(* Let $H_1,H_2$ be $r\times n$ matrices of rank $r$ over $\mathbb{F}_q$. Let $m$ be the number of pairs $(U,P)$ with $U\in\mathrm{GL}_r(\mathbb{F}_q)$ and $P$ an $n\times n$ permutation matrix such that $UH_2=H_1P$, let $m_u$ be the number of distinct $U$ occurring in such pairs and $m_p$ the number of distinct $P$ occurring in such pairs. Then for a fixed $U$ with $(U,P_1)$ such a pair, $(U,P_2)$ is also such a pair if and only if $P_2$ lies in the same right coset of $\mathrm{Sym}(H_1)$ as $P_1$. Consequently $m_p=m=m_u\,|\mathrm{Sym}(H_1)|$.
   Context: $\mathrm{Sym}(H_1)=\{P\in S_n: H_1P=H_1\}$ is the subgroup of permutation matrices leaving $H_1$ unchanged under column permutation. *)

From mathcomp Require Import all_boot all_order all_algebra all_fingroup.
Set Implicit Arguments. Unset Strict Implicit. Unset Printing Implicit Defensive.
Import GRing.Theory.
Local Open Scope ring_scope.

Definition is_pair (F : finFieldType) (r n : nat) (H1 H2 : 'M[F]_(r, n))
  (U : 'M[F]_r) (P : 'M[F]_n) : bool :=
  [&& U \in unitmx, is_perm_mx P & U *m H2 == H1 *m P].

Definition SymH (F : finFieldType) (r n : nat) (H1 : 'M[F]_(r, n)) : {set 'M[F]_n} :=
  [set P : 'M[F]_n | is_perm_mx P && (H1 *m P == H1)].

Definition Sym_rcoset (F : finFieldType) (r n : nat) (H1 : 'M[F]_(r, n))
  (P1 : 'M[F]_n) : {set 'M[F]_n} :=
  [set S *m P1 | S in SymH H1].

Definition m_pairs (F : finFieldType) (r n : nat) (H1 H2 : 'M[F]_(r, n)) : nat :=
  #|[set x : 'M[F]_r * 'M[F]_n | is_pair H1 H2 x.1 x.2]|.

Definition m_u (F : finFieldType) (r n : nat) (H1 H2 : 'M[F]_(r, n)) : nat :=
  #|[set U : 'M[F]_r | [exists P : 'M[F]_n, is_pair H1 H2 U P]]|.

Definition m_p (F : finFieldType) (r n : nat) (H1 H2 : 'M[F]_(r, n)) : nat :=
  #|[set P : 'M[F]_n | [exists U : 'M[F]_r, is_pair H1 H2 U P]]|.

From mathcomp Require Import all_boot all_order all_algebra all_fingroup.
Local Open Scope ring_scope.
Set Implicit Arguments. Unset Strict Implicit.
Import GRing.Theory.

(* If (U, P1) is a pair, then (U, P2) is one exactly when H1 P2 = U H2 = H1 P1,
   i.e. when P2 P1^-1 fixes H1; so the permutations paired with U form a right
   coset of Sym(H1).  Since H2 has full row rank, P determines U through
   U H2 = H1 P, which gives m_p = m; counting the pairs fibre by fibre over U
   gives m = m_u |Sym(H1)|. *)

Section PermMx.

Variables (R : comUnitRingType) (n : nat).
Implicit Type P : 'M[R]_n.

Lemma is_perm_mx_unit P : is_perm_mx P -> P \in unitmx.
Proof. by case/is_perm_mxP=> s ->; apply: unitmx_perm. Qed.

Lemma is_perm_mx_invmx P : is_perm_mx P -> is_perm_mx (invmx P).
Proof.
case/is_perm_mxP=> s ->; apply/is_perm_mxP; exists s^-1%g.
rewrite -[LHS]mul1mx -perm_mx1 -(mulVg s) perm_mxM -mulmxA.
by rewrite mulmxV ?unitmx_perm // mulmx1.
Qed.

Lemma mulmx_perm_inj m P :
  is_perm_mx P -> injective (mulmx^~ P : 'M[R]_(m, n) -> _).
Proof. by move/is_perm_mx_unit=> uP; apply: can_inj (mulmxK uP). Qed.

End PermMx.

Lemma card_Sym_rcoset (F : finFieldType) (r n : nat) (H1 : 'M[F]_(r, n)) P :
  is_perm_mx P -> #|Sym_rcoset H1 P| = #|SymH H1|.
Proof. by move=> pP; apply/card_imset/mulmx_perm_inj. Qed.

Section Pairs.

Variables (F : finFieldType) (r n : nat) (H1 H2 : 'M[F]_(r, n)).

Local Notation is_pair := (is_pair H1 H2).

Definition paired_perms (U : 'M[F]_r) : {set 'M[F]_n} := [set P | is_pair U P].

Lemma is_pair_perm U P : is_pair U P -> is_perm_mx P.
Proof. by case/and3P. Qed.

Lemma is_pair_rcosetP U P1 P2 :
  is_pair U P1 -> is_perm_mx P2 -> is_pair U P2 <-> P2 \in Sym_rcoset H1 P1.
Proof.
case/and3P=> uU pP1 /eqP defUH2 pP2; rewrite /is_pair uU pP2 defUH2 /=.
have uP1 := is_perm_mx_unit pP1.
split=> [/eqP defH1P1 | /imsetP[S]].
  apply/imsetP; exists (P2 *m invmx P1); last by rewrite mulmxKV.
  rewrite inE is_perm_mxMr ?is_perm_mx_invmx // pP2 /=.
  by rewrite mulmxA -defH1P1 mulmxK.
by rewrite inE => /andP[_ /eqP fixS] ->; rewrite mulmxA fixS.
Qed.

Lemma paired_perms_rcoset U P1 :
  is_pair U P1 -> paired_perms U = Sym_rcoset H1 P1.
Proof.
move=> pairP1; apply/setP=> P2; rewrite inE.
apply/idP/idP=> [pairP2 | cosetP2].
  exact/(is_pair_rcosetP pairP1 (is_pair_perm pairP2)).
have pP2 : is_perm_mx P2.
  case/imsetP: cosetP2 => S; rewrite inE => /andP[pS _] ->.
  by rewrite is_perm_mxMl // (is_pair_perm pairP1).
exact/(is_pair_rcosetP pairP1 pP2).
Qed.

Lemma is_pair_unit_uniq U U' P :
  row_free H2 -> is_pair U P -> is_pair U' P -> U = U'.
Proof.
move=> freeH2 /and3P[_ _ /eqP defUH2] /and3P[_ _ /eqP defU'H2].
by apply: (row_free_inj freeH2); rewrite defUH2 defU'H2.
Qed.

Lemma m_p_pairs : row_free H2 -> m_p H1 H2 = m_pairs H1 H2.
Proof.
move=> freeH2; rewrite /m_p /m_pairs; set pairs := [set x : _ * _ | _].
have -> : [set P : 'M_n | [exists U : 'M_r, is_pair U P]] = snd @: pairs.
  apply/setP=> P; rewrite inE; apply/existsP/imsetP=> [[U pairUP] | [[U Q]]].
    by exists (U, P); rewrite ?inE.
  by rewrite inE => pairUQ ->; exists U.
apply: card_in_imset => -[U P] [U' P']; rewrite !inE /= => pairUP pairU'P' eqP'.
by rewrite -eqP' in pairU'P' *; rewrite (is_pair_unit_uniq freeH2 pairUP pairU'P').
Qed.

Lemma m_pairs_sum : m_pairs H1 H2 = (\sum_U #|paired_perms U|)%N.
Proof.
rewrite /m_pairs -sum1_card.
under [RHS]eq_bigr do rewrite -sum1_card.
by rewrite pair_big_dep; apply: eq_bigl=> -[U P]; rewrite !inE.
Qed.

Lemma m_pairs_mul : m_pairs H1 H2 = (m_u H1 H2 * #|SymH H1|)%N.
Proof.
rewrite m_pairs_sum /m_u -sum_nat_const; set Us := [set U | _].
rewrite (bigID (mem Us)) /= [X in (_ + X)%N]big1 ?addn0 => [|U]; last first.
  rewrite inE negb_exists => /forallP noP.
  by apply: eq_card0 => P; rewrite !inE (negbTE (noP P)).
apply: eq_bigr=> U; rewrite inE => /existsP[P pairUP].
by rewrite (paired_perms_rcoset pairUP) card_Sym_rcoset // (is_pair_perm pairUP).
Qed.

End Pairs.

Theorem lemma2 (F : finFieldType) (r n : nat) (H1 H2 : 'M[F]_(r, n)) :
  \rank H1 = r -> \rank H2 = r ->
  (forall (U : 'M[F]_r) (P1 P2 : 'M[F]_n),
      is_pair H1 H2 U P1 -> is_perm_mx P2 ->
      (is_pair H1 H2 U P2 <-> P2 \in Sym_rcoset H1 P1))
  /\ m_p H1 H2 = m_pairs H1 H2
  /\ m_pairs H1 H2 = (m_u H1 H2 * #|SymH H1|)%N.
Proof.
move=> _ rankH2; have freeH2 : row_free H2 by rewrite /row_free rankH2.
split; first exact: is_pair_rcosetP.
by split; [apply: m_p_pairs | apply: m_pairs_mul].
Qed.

........

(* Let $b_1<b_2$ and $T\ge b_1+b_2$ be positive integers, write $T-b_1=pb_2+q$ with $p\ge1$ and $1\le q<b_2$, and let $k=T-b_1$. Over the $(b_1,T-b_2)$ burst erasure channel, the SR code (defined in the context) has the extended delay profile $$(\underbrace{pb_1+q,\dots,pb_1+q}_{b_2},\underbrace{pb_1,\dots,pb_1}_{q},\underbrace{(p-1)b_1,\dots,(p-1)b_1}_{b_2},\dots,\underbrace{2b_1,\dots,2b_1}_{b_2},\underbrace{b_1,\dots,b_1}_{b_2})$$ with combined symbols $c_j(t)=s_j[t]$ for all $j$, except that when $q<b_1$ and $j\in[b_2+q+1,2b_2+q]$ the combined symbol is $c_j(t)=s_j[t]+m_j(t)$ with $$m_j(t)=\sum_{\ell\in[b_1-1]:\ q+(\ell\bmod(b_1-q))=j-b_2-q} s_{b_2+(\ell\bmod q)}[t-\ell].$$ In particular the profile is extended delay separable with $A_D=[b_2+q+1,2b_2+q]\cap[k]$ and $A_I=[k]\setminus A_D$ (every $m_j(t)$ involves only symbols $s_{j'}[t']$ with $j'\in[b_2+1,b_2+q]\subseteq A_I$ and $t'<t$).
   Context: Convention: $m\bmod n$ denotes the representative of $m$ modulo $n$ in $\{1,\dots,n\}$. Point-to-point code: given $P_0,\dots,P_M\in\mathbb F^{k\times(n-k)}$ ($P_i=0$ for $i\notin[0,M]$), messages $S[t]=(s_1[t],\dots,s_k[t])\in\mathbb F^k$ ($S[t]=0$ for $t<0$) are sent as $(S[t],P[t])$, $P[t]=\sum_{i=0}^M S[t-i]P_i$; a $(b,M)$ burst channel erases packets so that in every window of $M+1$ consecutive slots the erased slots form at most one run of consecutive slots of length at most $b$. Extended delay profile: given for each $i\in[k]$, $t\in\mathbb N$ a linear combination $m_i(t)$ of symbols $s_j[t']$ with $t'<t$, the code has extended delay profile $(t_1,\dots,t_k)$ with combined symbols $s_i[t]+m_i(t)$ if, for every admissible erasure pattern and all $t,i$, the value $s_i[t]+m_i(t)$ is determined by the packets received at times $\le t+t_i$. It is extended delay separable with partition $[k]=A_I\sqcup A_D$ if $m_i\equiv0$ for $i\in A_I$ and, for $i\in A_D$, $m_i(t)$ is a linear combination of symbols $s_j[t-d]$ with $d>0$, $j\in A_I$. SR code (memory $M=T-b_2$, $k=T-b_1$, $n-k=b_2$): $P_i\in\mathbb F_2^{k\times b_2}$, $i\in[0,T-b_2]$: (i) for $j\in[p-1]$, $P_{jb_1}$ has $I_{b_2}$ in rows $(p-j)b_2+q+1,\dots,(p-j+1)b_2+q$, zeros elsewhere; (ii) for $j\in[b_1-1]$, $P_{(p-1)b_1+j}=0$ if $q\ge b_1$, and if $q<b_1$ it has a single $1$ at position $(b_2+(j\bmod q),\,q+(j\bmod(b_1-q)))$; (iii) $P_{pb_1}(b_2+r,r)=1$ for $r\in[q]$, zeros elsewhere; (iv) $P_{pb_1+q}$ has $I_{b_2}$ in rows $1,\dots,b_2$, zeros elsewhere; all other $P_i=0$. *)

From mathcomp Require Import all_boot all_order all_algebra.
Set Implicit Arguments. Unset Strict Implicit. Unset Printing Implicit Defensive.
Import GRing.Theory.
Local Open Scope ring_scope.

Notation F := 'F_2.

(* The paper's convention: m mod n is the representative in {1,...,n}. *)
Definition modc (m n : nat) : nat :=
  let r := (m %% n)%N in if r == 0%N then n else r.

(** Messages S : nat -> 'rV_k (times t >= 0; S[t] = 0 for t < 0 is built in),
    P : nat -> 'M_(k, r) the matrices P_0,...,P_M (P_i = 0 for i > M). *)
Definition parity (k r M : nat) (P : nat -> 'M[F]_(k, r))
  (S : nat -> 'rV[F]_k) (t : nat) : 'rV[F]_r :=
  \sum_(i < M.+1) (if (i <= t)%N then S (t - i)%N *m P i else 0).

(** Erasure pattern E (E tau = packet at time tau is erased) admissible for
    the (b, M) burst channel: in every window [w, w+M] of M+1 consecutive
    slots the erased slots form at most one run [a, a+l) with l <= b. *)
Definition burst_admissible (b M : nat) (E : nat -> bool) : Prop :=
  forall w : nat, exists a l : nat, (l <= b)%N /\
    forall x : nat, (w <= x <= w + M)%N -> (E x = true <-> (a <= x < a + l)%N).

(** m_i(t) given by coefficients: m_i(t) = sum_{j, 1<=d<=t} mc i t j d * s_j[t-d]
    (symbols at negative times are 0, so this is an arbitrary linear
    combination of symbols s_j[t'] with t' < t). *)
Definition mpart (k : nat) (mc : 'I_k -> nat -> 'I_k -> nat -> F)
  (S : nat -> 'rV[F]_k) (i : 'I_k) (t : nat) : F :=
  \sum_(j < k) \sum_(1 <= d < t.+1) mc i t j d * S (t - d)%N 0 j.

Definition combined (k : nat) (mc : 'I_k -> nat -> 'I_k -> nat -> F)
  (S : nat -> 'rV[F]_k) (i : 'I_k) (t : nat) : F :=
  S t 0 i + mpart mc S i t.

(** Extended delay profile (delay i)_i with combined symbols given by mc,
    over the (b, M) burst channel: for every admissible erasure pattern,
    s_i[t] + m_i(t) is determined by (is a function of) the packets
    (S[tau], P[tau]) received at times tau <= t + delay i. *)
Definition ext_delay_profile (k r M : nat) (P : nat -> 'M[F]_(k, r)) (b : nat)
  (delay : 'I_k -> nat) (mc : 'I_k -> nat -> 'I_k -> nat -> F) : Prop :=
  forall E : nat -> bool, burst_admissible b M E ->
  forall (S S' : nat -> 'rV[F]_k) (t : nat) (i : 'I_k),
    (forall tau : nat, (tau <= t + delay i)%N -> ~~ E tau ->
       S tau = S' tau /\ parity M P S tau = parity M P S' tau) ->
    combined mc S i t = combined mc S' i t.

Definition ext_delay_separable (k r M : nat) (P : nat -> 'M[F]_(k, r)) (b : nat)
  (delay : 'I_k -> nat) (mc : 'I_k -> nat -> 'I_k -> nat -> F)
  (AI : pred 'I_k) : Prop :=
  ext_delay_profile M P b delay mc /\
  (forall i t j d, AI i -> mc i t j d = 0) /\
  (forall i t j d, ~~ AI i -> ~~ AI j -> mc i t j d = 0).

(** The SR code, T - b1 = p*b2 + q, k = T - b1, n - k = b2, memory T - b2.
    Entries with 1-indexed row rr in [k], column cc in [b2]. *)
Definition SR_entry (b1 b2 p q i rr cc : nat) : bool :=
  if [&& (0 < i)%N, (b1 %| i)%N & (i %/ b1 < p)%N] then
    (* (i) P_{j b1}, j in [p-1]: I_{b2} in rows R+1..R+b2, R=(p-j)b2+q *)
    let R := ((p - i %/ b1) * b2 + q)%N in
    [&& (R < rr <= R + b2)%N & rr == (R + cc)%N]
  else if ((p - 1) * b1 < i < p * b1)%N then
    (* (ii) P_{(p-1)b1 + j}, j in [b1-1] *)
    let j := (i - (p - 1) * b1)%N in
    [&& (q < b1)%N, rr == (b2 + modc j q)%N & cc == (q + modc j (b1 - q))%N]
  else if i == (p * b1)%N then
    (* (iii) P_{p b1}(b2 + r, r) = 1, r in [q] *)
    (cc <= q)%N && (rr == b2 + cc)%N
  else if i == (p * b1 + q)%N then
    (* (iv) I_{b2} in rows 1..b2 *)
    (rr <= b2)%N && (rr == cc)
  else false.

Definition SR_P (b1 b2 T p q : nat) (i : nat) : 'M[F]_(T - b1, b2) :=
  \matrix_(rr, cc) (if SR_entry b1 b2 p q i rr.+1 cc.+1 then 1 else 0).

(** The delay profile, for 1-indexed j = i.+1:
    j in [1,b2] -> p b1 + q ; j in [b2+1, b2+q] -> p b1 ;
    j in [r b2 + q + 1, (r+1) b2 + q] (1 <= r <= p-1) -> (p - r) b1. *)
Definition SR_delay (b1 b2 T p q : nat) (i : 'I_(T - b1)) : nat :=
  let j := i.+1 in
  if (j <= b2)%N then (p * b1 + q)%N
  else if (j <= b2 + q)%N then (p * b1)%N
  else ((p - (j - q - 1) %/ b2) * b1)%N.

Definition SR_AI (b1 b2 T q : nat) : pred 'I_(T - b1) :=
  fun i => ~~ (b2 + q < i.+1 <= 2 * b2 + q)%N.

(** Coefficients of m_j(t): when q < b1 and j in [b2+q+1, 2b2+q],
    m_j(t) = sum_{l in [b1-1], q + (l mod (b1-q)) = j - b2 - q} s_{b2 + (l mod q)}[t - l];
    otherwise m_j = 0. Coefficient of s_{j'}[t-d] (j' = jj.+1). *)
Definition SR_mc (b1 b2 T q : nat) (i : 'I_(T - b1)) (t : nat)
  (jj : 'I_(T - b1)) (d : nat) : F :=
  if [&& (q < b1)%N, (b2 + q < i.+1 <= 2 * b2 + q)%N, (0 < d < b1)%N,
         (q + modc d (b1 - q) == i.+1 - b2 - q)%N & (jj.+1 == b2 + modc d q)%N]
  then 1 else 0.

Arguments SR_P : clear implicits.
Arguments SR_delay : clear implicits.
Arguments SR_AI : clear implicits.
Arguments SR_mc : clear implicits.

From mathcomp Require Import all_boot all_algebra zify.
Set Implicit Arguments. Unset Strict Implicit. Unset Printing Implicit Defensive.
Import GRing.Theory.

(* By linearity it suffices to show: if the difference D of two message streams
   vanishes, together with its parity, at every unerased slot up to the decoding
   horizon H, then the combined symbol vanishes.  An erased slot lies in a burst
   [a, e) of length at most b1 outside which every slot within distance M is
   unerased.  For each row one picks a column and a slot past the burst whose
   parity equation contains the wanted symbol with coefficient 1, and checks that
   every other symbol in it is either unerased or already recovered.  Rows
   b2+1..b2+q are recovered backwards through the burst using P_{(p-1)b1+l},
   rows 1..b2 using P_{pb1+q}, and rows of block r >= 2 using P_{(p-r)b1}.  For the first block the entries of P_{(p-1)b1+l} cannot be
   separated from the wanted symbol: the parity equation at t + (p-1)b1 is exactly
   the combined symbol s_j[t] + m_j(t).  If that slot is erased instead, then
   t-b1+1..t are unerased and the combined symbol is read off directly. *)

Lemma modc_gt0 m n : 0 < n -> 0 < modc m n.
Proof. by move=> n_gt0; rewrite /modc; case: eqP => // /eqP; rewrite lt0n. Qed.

........

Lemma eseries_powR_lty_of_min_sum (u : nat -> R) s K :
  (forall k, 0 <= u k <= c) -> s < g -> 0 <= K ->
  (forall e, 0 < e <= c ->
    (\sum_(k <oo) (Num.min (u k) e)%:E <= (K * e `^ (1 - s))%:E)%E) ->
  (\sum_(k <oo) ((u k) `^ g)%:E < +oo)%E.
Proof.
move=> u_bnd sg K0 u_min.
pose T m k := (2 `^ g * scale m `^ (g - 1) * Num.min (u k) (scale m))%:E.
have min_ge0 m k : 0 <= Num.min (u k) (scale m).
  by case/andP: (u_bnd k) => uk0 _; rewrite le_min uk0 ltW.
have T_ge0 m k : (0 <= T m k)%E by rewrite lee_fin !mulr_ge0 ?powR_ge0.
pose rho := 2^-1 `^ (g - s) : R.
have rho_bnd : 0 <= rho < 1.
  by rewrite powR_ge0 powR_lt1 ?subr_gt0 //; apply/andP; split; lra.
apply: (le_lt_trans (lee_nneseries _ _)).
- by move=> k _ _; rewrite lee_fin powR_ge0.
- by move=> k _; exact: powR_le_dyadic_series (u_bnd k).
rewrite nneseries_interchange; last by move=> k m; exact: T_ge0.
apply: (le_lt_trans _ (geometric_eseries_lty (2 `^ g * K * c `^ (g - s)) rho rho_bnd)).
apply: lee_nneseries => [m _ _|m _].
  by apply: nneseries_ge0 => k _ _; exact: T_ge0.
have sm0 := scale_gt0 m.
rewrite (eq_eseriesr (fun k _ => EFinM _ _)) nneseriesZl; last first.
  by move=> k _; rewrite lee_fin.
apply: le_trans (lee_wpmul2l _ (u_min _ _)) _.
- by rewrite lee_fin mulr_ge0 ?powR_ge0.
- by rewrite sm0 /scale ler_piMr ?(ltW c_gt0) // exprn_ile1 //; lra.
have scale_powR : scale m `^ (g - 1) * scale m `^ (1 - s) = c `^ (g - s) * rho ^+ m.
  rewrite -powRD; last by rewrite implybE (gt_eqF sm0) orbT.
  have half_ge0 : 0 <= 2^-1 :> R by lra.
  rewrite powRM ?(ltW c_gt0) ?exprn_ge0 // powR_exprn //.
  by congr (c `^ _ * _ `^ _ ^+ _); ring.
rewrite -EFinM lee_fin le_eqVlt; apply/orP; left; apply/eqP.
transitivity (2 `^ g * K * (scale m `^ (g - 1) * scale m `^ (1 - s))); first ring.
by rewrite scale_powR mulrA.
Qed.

........

◆ **Problem requirements**
Scan the records above for the word "Notation". Copy each line that has it.

◆ **Written reply**
Local Notation is_pair := (is_pair H1 H2).
Notation F := 'F_2.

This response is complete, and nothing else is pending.